Relocations: Erotic love and interiority

Image from Youth Voices Live.
March 21, 2024

There’s a knowledge of self that only sexual knowledge can bring

By Herbert Rothschild

When Othello marries Desdemona, he hasn’t the slightest understanding of erotic love. After the Venetian signiory tells him he must go to Cyprus to defend it from the Turkish threat and she begs to be allowed to accompany him, Othello seconds his wife’s request by saying that her presence won’t distract him from “your serious and great business.” He’s not particularly interested in sex, “the young affects / In me defunct.” No, he says, “light-winged toys / Of feathered Cupid” won’t blind his judgments or “corrupt and taint my business.”

This man, whose life before we meet him has been straight out of a boy’s adventure novel, has no experience with women. When the action moves to Cyprus, what we witness is not only his growing sense of what Desdemona means to him, but also the awareness of an interiority that only an intense sexual relationship can reveal.

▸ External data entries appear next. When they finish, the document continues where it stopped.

(* Let $G$ be a finite group and $p$ a prime. If $G$ contains a central nonidentity $p$-subgroup, then $\chi(\mathcal F^*_G)=1$ and $\chi(\mathcal L^*_G)=|G:O^pG|^{-1}$.
   Context: $N_G(H,K)=\{g\in G: g^{-1}Hg\le K\}$; $O^p(X)$ is the smallest normal subgroup of $X$ with $p$-group quotient. $\mathcal F^*_G$ and $\mathcal L^*_G$ have as objects the nonidentity $p$-subgroups of $G$, with $\mathcal F^*_G(H,K)=C_G(H)\backslash N_G(H,K)$ and $\mathcal L^*_G(H,K)=O^p(C_G(H))\backslash N_G(H,K)$, composition induced by multiplication. $\chi$ is Leinster's Euler characteristic: for a finite category $\mathcal C$, a weighting is $k^\bullet$ with $\sum_b|\mathcal C(a,b)|k^b=1$ for all $a$, a coweighting is $k_\bullet$ with $\sum_ak_a|\mathcal C(a,b)|=1$ for all $b$, and if both exist $\chi(\mathcal C)=\sum_bk^b=\sum_ak_a$. *)

From HB Require Import structures.
From mathcomp Require Import all_boot all_order all_algebra all_fingroup all_solvable.
Set Implicit Arguments. Unset Strict Implicit. Unset Printing Implicit Defensive.
Import GRing.Theory Num.Theory.
Local Open Scope group_scope.

(* Leinster's Euler characteristic of a finite category, which only depends on
   the object set [Ob] and the cardinalities [hom a b] of the hom-sets. *)
Section Leinster.
Variables (O : finType) (Ob : {set O}) (hom : O -> O -> nat).

Definition is_weighting (k : O -> rat) : Prop :=
  forall a, a \in Ob -> (\sum_(b in Ob) (hom a b)%:R * k b = 1)%R.

Definition is_coweighting (k : O -> rat) : Prop :=
  forall b, b \in Ob -> (\sum_(a in Ob) k a * (hom a b)%:R = 1)%R.

Definition euler_char_is (x : rat) : Prop :=
  [/\ (exists k, is_weighting k), (exists k, is_coweighting k),
      (forall k, is_weighting k -> (\sum_(b in Ob) k b)%R = x)
    & (forall k, is_coweighting k -> (\sum_(a in Ob) k a)%R = x)].
End Leinster.

Section Defs.
Variable gT : finGroupType.

Definition Oup (p : nat) (X : {set gT}) : {set gT} :=
  \bigcap_(N : {group gT} | (N <| X) && p.-group (X / N)) N.

Definition transporter (G H K : {set gT}) : {set gT} :=
  [set g in G | H :^ g \subset K].

Definition objs (p : nat) (G : {group gT}) : {set {group gT}} :=
  [set H : {group gT} | [&& H \subset G, p.-group H & H :!=: 1]].

Definition homF (G H K : {group gT}) : {set {set gT}} :=
  rcosets 'C_G(H) (transporter G H K).

Definition homL (p : nat) (G H K : {group gT}) : {set {set gT}} :=
  rcosets (Oup p 'C_G(H)) (transporter G H K).

End Defs.

(* Every hom-set is a set of D(H)-cosets in the transporter N_G(H,K), with
   D = C_G or D = O^p C_G, so |hom(H,K)| = |D(H)|^-1 * #{g in G | H^g <= K}.
   Summing over g turns both weighting equations into unitriangular systems
   for the inclusion order of subgroups.  A coweighting is v_H = |D(H)|/|G| m_H
   for any solution m of sum_(H <= K) m_H = 1.  For a weighting, put weight
   only on objects containing the central p-subgroup Z: as H^g Z is again an
   object and D(H^g Z) has the order of D(H), any solution of
   sum_(K >= L) k_K = |D(L)|/|G| (L >= Z) is a weighting, of total mass
   |D(Z)|/|G|.  Since C_G(Z) = G this is 1 for D = C_G and |O^p G|/|G| for
   D = O^p C_G. *)

From HB Require Import structures.
From mathcomp Require Import all_boot all_order all_algebra all_fingroup all_solvable.
From mathcomp Require Import ring.
Set Implicit Arguments. Unset Strict Implicit. Unset Printing Implicit Defensive.
Import GRing.Theory Num.Theory.
Local Open Scope group_scope.

Section Leinster.
Local Open Scope ring_scope.
Variables (O : finType) (Ob : {set O}) (hom : O -> O -> nat).

Lemma sum_weighting_coweighting (k v : O -> rat) :
  is_weighting Ob hom k -> is_coweighting Ob hom v ->
  \sum_(b in Ob) k b = \sum_(a in Ob) v a.
Proof.
move=> hk hv.
transitivity (\sum_(a in Ob) \sum_(b in Ob) v a * (hom a b)%:R * k b).
  rewrite exchange_big /=; apply: eq_bigr => b Ob_b.
  by rewrite -mulr_suml hv // mul1r.
apply: eq_bigr => a Ob_a.
by under eq_bigr do rewrite -mulrA; rewrite -mulr_sumr hk ?mulr1.
Qed.

Lemma euler_char_of_weighting (w v : O -> rat) :
  is_weighting Ob hom w -> is_coweighting Ob hom v ->
  euler_char_is Ob hom (\sum_(b in Ob) w b).
Proof.
move=> hw hv; split; [by exists w | by exists v | |].
- by move=> k hk; rewrite !(sum_weighting_coweighting _ hv).
- by move=> k hk; rewrite (sum_weighting_coweighting hw hk).
Qed.

End Leinster.

Lemma unitriangular_system_solvable (T : finType) (R : zmodType) (r : rel T)
    (rank : T -> nat) (c : T -> R) :
  reflexive r -> (forall a b, r a b -> a != b -> rank a < rank b)%N ->
  forall S : {set T}, exists k : T -> R,
    forall a, a \in S -> (\sum_(b in S | r a b) k b = c a)%R.
Proof.
move=> r_refl r_rank S.
(* A rank-minimal a in S lies above no other element of S, so only its own
   equation involves k a. *)
elim: {S}_.+1 {-2}S (ltnSn #|S|) => // n IH S leS.
have [-> | [a0 Sa0]] := set_0Vmem S; first by exists (fun=> 0%R) => a; rewrite inE.
have [a Sa a_min] := arg_minnP rank Sa0.
have {}Sa : a \in S := Sa.
have [|k hk] := IH (S :\ a); first by rewrite (cardsD1 a) Sa in leS.
pose k' b := if b == a then (c a - \sum_(b in S :\ a | r a b) k b)%R else k b.
exists k' => a' Sa'.
have sum_off_a a'' : (\sum_(b | (b \in S) && r a'' b && (b != a)) k' b =
                      \sum_(b in S :\ a | r a'' b) k b)%R.
  apply: eq_big => [b | b /andP[_ /negbTE b_a]]; last by rewrite /k' b_a.
  by rewrite in_setD1; case: (b != a) (b \in S) (r a'' b) => [] [] [].
rewrite (bigID (fun b => b != a)) /= sum_off_a.
have [-> | a'_a] := eqVneq a' a.
  rewrite [X in (_ + X)%R](big_pred1 a) => [|b]; first by rewrite /k' eqxx addrC addrNK.
  by rewrite /= negbK; case: eqP => [-> | _]; rewrite ?Sa ?r_refl ?andbF.
have not_r_a'a : ~~ r a' a.
  by apply/negP => /r_rank/(_ a'_a); rewrite ltnNge a_min.
rewrite [X in (_ + X)%R]big_pred0 ?addr0 ?hk ?in_setD1 ?a'_a // => b.
by rewrite negbK; case: eqP => [-> | _]; rewrite ?andbF ?(negbTE not_r_a'a) ?andbF.
Qed.

Section Transporter.
Variable gT : finGroupType.
Implicit Types (p : nat) (G H K Z : {group gT}).

Lemma rcosets_partition_stable (C : {group gT}) (A : {set gT}) :
  C * A \subset A -> partition (rcosets C A) A.
Proof.
move=> sCA; apply/and3P; split.
- apply/eqP/setP => x; apply/bigcupP/idP => [[_ /rcosetsP[y Ay ->]] | Ax].
    by case/rcosetP => c Cc ->; apply: (subsetP sCA); apply: mem_mulg.
  by exists (C :* x); [apply/rcosetsP; exists x | apply: rcoset_refl].
- apply/trivIsetP => _ _ /rcosetsP[x _ ->] /rcosetsP[y _ ->] Cx_Cy.
  rewrite -setI_eq0; apply: contraR Cx_Cy.
  by case/set0Pn => z /setIP[/rcoset_eqP <- /rcoset_eqP ->].
- by apply/rcosetsP => -[x _ Cx0]; have := rcoset_refl C x; rewrite -Cx0 inE.
Qed.

Lemma card_rcosets_stable (C : {group gT}) (A : {set gT}) :
  C * A \subset A -> (#|rcosets C A| * #|C|)%N = #|A|.
Proof.
move=> sCA.
rewrite -(card_uniform_partition (n := #|C|) _ (rcosets_partition_stable sCA)) //.
by move=> _ /rcosetsP[x _ ->]; rewrite card_rcoset.
Qed.

Lemma subcent_transporter_stable G H K (C : {group gT}) :
  C \subset 'C_G(H) -> C * transporter G H K \subset transporter G H K.
Proof.
move=> sCC; apply/subsetP => _ /mulsgP[c t /(subsetP sCC)/setIP[Gc cHc] Tt ->].
move: Tt; rewrite !inE => /andP[Gt sHtK]; rewrite groupM //=.
by rewrite conjsgM (normP (subsetP (cent_sub H) c cHc)).
Qed.

Lemma card_transporter G H K :
  #|transporter G H K| = (\sum_(g in G) (H :^ g \subset K))%N.
Proof. by rewrite -sum1dep_card big_mkcondr /=; apply: eq_bigr => g; case: ifP. Qed.

Lemma objsJ p G H g : H \in objs p G -> g \in G -> (H :^ g)%G \in objs p G.
Proof.
rewrite !inE /= => /and3P[sHG pH ntH] Gg.
by rewrite -{1}(conjGid Gg) conjSg sHG pgroupJ pH conjsg_eq1 ntH.
Qed.

Lemma joing_central_objs p G Z H :
  Z \subset 'Z(G) -> p.-group Z -> H \in objs p G -> (H <*> Z)%G \in objs p G.
Proof.
move=> sZZG pZ; rewrite !inE /= => /and3P[sHG pH ntH].
have [sZG cGZ] : Z \subset G /\ Z \subset 'C(G) by apply/subsetIP.
have cHZ : Z \subset 'C(H) by rewrite centsC (subset_trans sHG) // centsC.
rewrite join_subG sHG sZG /= cent_joinEr // pgroupM pH pZ /=.
by apply: contraNneq ntH => HZ1; rewrite -subG1 -HZ1 mulG_subl.
Qed.

End Transporter.

Section SubgroupSystems.
Variables (gT : finGroupType) (R : zmodType).
Variables (S : {set {group gT}}) (c : {group gT} -> R).

Lemma exists_supergroup_system :
  exists k, forall H, H \in S -> (\sum_(K in S | H \subset K) k K = c H)%R.
Proof.
apply: (@unitriangular_system_solvable _ _ (fun H K : {group gT} => H \subset K)
                                        (fun H => #|H|) c) => [H | H K sHK neHK].
  exact: subxx.
apply: proper_card; rewrite properEneq sHK andbT.
by apply: contraNneq neHK => /val_inj ->.
Qed.

Lemma exists_subgroup_system :
  exists k, forall H, H \in S -> (\sum_(K in S | K \subset H) k K = c H)%R.
Proof.
apply: (@unitriangular_system_solvable _ _ (fun H K : {group gT} => K \subset H)
                                        (fun H => #|~: H|) c) => [H | H K sKH neHK].
  exact: subxx.
apply: proper_card; rewrite properC properEneq sKH andbT.
by apply: contraNneq neHK => /val_inj ->.
Qed.

End SubgroupSystems.

Section TransporterCosets.
Local Open Scope ring_scope.
Variables (gT : finGroupType) (p : nat) (G : {group gT}).
Implicit Types H K : {group gT}.
Variable D : {group gT} -> {group gT}.
Hypothesis sDC : forall H, D H \subset 'C_G(H).
Hypothesis card_DJ : forall H g, g \in G -> #|D (H :^ g)%G| = #|D H|.

Let hom (H K : {group gT}) := #|rcosets (D H) (transporter G H K)|.

Let card_G_neq0 : #|G|%:R != 0 :> rat.
Proof. by rewrite pnatr_eq0 -lt0n cardG_gt0. Qed.

Let card_D_neq0 H : #|D H|%:R != 0 :> rat.
Proof. by rewrite pnatr_eq0 -lt0n cardG_gt0. Qed.

Lemma natr_hom (H K : {group gT}) :
  (hom H K)%:R = #|D H|%:R^-1 * \sum_(g in G) (H :^ g \subset K)%:R :> rat.
Proof.
have := card_rcosets_stable (subcent_transporter_stable K (sDC H)).
rewrite card_transporter => /(congr1 (fun n => n%:R : rat)).
by rewrite natrM natr_sum => <-; rewrite mulrC mulfK.
Qed.

Lemma exists_transporter_coweighting : exists v, is_coweighting (objs p G) hom v.
Proof.
have [m hm] := exists_subgroup_system (objs p G) (fun=> 1 : rat).
exists (fun H => #|D H|%:R / #|G|%:R * m H) => K oK.
rewrite (eq_bigr (fun H : {group gT} =>
                   #|G|%:R^-1 * \sum_(g in G) (H :^ g \subset K)%:R * m H)) => [|H _];
  last first.
  by rewrite natr_hom -mulr_suml; field; rewrite card_G_neq0 card_D_neq0.
rewrite -mulr_sumr exchange_big /= (eq_bigr (fun=> 1)) => [|g Gg].
  by rewrite sumr_const mulVf.
rewrite -[RHS](hm _ (objsJ oK (groupVr Gg))) [RHS]big_mkcondr /=.
by apply: eq_bigr => H _; rewrite sub_conjg; case: (H \subset _); rewrite ?mul1r ?mul0r.
Qed.

Variable Z : {group gT}.
Hypotheses (sZZG : Z \subset 'Z(G)) (pZ : p.-group Z) (ntZ : (Z :!=: 1)%g).
Hypothesis card_DZ : forall H : {group gT}, #|D (H <*> Z)%G| = #|D H|.

Lemma exists_transporter_weighting :
  exists2 w, is_weighting (objs p G) hom w
           & \sum_(K in objs p G) w K = #|D Z|%:R / #|G|%:R.
Proof.
pose objsZ := [set K in objs p G | Z \subset K].
have [k hk] := exists_supergroup_system objsZ (fun H => #|D H|%:R / #|G|%:R : rat).
pose w K := if Z \subset K then k K else 0.
have sum_w (P : pred {group gT}) :
    \sum_(K in objs p G) (P K)%:R * w K = \sum_(K in objsZ | P K) k K.
  rewrite big_mkcond [RHS]big_mkcond; apply: eq_bigr => K _.
  by rewrite [K \in objsZ]inE /w; case: (K \in _); case: (Z \subset K); case: (P K);
    rewrite ?mul1r ?mul0r.
have wZ K : (Z \subset K)%:R * w K = w K by rewrite /w; case: ifP; rewrite ?mul1r.
exists w; last first.
  have oZ : Z \in objsZ.
    by rewrite !inE subxx pZ ntZ (subset_trans sZZG (center_sub G)).
  by rewrite -(hk Z oZ) -sum_w; apply: eq_bigr => K _; rewrite wZ.
move=> H oH.
rewrite (eq_bigr (fun K => #|D H|%:R^-1 * \sum_(g in G) (H :^ g \subset K)%:R * w K))
  => [|K _]; last by rewrite natr_hom -mulrA mulr_suml.
rewrite -mulr_sumr exchange_big /= (eq_bigr (fun=> #|D H|%:R / #|G|%:R)) => [|g Gg].
  by rewrite sumr_const -mulr_natr; field; rewrite card_G_neq0 card_D_neq0.
have oHgZ : (H :^ g <*> Z)%G \in objsZ.
  by rewrite inE joing_subr joing_central_objs ?objsJ.
rewrite -(card_DJ H Gg) -card_DZ -(hk _ oHgZ) -sum_w.
apply: eq_bigr => K _; rewrite join_subG -[in LHS]wZ.
by case: (H :^ g \subset K); case: (Z \subset K); rewrite ?mul1r ?mul0r.
Qed.

Lemma euler_char_transporter_cosets :
  euler_char_is (objs p G) hom (#|D Z|%:R / #|G|%:R).
Proof.
have [w hw <-] := exists_transporter_weighting.
have [v hv] := exists_transporter_coweighting.
exact: euler_char_of_weighting hw hv.
Qed.

End TransporterCosets.

Section PResidual.
Variable gT : finGroupType.
Implicit Types (p : nat) (G H X N Z : {group gT}).

Lemma Oup_group_set p X : group_set (Oup p X).
Proof. exact: group_set_bigcap. Qed.

Canonical Oup_group p X := Group (Oup_group_set p X).

Lemma Oup_sub p X : Oup p X \subset X.
Proof. by apply: bigcap_inf; rewrite normal_refl trivg_quotient pgroup1. Qed.

Lemma normal_pquotientJ p X N g :
  (N :^ g <| X :^ g) && p.-group ((X :^ g) / (N :^ g)) =
  (N <| X) && p.-group (X / N).
Proof.
rewrite normalJ; case nNX: (N <| X) => //=.
have nNXg : N :^ g <| X :^ g by rewrite normalJ.
by rewrite !pgroupE !card_quotient ?normal_norm // indexJg.
Qed.

Lemma OupJ p X g : Oup p (X :^ g) = Oup p X :^ g.
Proof.
apply/setP => x; rewrite mem_conjg; apply/bigcapP/bigcapP => Xx N pN.
  by have := Xx (N :^ g)%G; rewrite normal_pquotientJ mem_conjg; apply.
have := Xx (N :^ g^-1)%G; rewrite -(normal_pquotientJ p X _ g) /= conjsgKV.
by rewrite memJ_conjg; apply.
Qed.

Lemma subcentJ G H g : g \in G -> 'C_G(H :^ g) = 'C_G(H) :^ g.
Proof. by move=> Gg; rewrite centJ -{1}(conjGid Gg) conjIg. Qed.

Lemma subcent_joing_central G H Z : Z \subset 'Z(G) -> 'C_G(H <*> Z) = 'C_G(H).
Proof.
move=> /subsetIP[_ cGZ]; rewrite centY setIA; apply/setIidPl.
by rewrite subIset // centsC cGZ.
Qed.

End PResidual.

Theorem proposition5p1 (gT : finGroupType) (G : {group gT}) (p : nat) :
  prime p ->
  (exists Z : {group gT}, [&& Z \subset 'Z(G), p.-group Z & Z :!=: 1]) ->
  euler_char_is (objs p G) (fun H K => #|homF G H K|) 1%R /\
  euler_char_is (objs p G) (fun H K => #|homL p G H K|)
    ((#|G : Oup p G|)%:R^-1)%R.
Proof.
move=> _ [Z /and3P[sZZG pZ ntZ]].
have CGZ : 'C_G(Z) = G by apply/setIidPl; rewrite centsC; case/subsetIP: sZZG.
have card_CJ (H : {group gT}) g : g \in G -> #|'C_G(H :^ g)| = #|'C_G(H)|.
  by move=> Gg; rewrite subcentJ ?cardJg.
have card_CZ (H : {group gT}) : #|'C_G(H <*> Z)| = #|'C_G(H)|.
  by rewrite subcent_joing_central.
split.
  have := euler_char_transporter_cosets (D := fun H => 'C_G(H)%G) (fun H => subxx _)
            card_CJ sZZG pZ ntZ card_CZ.
  by rewrite /= CGZ divff // pnatr_eq0 -lt0n cardG_gt0.
have card_OCJ (H : {group gT}) g :
    g \in G -> #|Oup p 'C_G(H :^ g)| = #|Oup p 'C_G(H)|.
  by move=> Gg; rewrite subcentJ // (OupJ p 'C_G(H)%G) cardJg.
have card_OCZ (H : {group gT}) : #|Oup p 'C_G(H <*> Z)| = #|Oup p 'C_G(H)|.
  by rewrite subcent_joing_central.
have := euler_char_transporter_cosets (D := fun H => Oup_group p 'C_G(H))
          (fun H => Oup_sub p _) card_OCJ sZZG pZ ntZ card_OCZ.
rewrite /= CGZ -(Lagrange (Oup_sub p G)) natrM invfM mulVKf //.
by rewrite pnatr_eq0 -lt0n cardG_gt0.
Qed.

Ashland.news-Secretary-Herbert-Rothschild
Herbert Rothschild

Othello’s first experience of that intimate self comes after the different ships carrying him and his wife from Venice to Cyprus are separated by a storm and her ship lands first. When he arrives to find her waiting for him on shore, he exclaims,

It gives me wonder great as my content

To see you here before me.

. . . If it were now to die,
 ’Twere now to be most happy, for I fear
 My soul hath her content so absolute
 That not another comfort like to this
 Succeeds in unknown fate.

His contént is an almost physical experience of cóntent, of fullness. He goes on: “I cannot speak enough of this content. / It stops me here (pointing to his heart); it is too much of joy.”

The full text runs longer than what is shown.